TASK INSTRUCTIONS:
Restrict the output to the lines below starting at the one that contains "by apply: limr_ge" and ending at the one that contains "move=> Aa; apply: lb_le_inf;", and restate them word for word, both ends included.

··· DATA ···

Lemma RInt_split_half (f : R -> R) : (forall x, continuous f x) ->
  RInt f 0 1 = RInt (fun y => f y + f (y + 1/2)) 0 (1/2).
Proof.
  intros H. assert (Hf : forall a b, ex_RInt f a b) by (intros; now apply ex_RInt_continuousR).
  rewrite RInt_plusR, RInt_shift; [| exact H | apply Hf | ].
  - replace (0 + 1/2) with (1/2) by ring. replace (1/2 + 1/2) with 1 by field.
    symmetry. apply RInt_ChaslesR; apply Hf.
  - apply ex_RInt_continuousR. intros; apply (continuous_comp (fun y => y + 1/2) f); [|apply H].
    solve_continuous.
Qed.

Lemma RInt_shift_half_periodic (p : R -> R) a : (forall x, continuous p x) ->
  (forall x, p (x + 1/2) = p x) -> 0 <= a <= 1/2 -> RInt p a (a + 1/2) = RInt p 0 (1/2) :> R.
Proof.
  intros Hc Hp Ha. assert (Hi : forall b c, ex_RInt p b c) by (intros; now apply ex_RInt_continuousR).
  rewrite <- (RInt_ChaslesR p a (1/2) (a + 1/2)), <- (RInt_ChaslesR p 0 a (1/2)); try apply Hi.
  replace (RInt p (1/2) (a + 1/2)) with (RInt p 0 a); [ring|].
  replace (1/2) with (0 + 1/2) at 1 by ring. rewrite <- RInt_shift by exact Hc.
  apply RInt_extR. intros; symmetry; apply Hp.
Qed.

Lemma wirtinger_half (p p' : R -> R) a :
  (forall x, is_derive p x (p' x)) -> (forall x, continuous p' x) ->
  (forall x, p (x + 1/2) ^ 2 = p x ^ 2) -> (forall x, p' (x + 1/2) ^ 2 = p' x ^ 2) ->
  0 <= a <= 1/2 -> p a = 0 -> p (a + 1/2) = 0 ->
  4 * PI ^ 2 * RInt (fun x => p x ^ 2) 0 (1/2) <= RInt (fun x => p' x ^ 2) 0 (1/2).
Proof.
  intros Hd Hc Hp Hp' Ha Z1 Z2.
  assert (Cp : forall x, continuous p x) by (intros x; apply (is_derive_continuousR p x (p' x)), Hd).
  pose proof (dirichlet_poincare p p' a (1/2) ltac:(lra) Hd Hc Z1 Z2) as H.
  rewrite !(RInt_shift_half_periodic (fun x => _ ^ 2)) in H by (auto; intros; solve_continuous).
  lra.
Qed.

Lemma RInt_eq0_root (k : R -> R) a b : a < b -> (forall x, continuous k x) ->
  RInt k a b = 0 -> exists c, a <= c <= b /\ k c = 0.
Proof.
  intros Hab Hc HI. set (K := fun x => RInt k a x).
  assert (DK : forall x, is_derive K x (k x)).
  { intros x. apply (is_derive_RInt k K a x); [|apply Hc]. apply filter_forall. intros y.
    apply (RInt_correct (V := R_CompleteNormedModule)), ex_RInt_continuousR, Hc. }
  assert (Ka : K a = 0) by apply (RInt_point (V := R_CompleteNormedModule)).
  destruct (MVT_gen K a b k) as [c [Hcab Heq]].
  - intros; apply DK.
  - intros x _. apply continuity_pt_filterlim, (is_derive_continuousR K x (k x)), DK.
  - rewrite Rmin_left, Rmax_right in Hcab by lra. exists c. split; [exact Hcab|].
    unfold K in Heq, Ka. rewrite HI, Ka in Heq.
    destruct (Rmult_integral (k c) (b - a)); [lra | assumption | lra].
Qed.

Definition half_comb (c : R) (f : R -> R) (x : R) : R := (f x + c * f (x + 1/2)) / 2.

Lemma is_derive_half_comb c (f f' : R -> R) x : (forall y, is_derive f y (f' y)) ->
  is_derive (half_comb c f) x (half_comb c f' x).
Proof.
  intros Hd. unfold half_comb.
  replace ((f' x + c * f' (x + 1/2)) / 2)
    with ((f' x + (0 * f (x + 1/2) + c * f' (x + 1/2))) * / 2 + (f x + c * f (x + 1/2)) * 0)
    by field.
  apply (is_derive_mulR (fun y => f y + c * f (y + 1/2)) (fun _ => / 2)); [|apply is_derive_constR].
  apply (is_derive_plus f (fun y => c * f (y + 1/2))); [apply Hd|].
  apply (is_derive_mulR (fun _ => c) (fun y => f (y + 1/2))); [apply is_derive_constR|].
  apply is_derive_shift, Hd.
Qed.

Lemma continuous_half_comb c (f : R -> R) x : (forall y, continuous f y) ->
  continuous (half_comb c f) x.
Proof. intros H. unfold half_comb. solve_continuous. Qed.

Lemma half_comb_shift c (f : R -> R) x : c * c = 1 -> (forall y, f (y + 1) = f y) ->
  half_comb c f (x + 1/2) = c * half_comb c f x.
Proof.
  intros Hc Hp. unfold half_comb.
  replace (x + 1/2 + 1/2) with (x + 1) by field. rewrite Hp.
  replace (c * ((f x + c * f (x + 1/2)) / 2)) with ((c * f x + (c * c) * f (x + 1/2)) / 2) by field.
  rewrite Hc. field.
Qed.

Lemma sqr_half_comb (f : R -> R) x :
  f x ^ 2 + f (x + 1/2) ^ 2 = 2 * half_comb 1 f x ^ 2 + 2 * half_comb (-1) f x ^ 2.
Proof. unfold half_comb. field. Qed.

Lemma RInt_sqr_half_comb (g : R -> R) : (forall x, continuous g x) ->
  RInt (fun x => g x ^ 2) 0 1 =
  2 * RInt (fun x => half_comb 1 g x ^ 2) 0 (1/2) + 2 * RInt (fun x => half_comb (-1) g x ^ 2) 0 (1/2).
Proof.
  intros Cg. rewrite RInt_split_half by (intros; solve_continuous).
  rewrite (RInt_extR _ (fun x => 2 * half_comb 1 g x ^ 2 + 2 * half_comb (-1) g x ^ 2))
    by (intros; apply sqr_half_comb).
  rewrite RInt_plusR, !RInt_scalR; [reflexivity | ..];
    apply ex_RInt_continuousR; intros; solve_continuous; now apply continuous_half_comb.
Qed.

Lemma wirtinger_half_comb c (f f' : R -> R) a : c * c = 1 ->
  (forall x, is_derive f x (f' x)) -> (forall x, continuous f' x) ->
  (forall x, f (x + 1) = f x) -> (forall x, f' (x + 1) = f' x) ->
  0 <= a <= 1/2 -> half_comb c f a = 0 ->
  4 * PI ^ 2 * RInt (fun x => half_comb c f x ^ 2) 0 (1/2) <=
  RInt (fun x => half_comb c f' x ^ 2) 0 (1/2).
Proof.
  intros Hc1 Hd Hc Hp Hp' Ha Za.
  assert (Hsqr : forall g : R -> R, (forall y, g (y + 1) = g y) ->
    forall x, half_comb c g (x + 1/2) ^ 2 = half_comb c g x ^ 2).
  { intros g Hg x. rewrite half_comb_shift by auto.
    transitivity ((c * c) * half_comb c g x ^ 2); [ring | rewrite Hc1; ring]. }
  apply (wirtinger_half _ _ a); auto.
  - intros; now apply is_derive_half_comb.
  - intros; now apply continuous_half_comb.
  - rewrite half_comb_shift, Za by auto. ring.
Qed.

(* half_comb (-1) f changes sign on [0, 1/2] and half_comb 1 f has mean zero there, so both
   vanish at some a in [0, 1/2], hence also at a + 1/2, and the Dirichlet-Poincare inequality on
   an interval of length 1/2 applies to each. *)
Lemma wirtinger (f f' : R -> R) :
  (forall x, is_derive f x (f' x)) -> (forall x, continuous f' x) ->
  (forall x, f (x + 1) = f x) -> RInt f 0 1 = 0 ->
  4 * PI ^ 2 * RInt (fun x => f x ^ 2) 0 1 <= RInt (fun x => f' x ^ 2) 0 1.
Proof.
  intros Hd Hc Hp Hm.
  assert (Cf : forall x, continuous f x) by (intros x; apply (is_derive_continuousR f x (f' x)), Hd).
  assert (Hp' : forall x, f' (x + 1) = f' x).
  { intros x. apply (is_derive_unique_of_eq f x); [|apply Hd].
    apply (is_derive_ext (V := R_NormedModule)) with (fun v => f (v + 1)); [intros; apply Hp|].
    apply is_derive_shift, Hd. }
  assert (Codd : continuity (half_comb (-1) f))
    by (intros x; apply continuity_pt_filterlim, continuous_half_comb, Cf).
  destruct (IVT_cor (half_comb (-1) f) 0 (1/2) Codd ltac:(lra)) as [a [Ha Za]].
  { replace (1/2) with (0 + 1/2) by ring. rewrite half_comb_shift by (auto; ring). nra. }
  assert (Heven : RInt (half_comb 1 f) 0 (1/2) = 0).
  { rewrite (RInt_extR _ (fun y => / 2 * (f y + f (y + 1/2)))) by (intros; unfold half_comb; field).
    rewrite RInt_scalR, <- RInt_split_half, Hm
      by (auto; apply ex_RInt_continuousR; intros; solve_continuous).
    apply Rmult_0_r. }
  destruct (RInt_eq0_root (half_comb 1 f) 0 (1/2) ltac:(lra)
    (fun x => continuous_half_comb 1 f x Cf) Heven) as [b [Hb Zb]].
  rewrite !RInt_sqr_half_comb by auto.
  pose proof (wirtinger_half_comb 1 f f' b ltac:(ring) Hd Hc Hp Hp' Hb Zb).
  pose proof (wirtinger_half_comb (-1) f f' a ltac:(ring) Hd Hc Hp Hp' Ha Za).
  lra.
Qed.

···
··· DATA ···

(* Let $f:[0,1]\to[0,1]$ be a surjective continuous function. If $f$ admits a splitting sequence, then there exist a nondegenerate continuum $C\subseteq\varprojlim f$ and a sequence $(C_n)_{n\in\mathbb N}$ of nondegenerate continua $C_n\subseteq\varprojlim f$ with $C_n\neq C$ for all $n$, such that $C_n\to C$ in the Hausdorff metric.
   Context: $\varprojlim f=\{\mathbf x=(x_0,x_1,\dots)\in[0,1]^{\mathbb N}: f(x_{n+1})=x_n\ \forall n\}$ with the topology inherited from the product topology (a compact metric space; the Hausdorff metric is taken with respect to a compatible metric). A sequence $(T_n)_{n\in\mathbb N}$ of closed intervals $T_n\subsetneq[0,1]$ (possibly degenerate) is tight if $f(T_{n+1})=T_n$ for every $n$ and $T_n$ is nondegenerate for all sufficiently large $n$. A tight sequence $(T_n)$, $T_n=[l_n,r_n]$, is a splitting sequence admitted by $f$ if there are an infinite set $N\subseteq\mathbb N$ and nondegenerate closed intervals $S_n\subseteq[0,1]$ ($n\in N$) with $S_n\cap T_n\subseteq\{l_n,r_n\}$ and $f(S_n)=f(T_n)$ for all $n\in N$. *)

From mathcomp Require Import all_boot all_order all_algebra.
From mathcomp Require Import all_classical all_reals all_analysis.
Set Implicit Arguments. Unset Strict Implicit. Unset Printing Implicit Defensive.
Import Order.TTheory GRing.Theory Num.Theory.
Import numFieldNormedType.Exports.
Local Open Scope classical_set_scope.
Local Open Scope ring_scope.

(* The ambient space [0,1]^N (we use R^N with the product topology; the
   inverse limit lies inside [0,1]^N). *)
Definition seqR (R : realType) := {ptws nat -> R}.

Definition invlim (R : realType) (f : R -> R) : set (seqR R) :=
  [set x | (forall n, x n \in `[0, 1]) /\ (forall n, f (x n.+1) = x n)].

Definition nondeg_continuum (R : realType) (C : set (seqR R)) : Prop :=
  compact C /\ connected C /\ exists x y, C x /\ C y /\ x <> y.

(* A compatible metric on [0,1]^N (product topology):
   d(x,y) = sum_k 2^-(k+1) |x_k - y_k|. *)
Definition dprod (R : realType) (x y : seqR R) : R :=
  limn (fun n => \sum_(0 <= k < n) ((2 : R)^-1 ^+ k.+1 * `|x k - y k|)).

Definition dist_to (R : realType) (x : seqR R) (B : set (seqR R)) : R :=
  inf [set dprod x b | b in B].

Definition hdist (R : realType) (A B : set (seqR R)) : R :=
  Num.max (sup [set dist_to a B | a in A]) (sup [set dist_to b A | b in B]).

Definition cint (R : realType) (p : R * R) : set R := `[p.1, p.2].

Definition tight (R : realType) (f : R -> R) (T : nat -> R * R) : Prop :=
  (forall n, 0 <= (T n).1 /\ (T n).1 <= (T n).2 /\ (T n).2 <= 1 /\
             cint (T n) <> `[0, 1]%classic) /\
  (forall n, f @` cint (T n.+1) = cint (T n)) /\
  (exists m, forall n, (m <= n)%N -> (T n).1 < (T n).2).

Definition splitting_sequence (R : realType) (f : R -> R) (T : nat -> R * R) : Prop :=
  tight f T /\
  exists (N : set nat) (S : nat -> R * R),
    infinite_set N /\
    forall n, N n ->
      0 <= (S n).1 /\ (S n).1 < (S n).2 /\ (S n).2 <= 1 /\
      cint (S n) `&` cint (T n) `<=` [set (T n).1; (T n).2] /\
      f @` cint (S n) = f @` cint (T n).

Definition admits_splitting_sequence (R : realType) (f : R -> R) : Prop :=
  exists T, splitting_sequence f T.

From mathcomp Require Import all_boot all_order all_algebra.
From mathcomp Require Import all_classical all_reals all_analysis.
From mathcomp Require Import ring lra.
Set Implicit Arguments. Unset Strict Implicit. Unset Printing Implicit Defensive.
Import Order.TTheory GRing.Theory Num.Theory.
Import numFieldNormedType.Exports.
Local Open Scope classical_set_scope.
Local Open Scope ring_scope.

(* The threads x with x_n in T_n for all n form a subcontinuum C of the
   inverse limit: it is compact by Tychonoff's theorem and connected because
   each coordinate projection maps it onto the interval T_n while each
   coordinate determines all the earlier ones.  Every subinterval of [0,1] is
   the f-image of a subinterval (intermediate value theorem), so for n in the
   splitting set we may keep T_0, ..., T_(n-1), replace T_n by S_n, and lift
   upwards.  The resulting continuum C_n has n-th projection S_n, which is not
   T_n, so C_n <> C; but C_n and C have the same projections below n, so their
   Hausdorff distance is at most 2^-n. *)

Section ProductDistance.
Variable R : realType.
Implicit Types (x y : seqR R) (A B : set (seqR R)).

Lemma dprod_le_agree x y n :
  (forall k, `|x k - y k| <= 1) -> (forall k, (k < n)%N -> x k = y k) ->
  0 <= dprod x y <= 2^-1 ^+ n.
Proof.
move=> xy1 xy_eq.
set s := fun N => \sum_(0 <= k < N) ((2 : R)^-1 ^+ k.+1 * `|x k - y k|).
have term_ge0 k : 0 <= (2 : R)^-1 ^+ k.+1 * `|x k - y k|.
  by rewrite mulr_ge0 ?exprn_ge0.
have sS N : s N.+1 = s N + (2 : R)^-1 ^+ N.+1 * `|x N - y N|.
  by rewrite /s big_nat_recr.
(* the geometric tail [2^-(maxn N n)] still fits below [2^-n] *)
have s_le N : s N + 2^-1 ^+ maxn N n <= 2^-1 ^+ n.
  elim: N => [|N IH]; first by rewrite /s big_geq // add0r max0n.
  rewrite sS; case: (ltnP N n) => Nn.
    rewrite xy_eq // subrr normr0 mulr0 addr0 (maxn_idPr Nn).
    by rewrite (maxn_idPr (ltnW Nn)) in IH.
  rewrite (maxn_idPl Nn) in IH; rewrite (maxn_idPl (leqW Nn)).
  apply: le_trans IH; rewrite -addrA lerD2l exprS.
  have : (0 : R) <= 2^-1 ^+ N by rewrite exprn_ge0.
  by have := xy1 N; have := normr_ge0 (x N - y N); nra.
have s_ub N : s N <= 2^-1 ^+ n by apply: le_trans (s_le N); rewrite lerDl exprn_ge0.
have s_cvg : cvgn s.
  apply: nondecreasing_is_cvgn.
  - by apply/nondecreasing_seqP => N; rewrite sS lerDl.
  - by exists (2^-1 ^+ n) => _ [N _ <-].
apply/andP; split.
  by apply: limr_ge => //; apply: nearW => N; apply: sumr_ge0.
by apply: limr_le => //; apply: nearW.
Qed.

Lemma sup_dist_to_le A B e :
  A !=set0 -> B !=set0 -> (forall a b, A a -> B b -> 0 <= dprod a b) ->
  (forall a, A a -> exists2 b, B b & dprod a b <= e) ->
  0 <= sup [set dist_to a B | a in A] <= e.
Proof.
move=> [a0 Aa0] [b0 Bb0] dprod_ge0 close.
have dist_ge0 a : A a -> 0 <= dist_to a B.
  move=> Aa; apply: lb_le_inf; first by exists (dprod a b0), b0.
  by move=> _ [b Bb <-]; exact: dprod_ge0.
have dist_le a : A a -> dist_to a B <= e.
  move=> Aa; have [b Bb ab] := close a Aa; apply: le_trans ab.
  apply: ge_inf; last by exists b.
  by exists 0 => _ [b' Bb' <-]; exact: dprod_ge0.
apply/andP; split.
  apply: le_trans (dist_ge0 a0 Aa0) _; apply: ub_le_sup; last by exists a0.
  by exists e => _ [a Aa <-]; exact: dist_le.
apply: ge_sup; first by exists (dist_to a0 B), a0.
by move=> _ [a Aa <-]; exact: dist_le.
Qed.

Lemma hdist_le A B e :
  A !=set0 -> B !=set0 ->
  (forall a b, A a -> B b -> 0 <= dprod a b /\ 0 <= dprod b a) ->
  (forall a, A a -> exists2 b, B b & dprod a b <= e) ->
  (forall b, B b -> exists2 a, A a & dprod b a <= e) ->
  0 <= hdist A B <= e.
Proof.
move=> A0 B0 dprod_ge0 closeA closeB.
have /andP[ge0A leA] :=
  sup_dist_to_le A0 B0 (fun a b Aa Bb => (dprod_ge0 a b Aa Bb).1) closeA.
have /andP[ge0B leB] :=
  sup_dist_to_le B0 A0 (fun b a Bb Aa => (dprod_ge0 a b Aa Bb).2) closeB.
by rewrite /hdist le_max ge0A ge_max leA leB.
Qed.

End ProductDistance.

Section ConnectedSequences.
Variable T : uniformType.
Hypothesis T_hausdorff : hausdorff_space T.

···

RESPONSE TO THE EXERCISE:
  by apply: limr_ge => //; apply: nearW => N; apply: sumr_ge0.
by apply: limr_le => //; apply: nearW.
Qed.

Lemma sup_dist_to_le A B e :
  A !=set0 -> B !=set0 -> (forall a b, A a -> B b -> 0 <= dprod a b) ->
  (forall a, A a -> exists2 b, B b & dprod a b <= e) ->
  0 <= sup [set dist_to a B | a in A] <= e.
Proof.
move=> [a0 Aa0] [b0 Bb0] dprod_ge0 close.
have dist_ge0 a : A a -> 0 <= dist_to a B.
  move=> Aa; apply: lb_le_inf; first by exists (dprod a b0), b0.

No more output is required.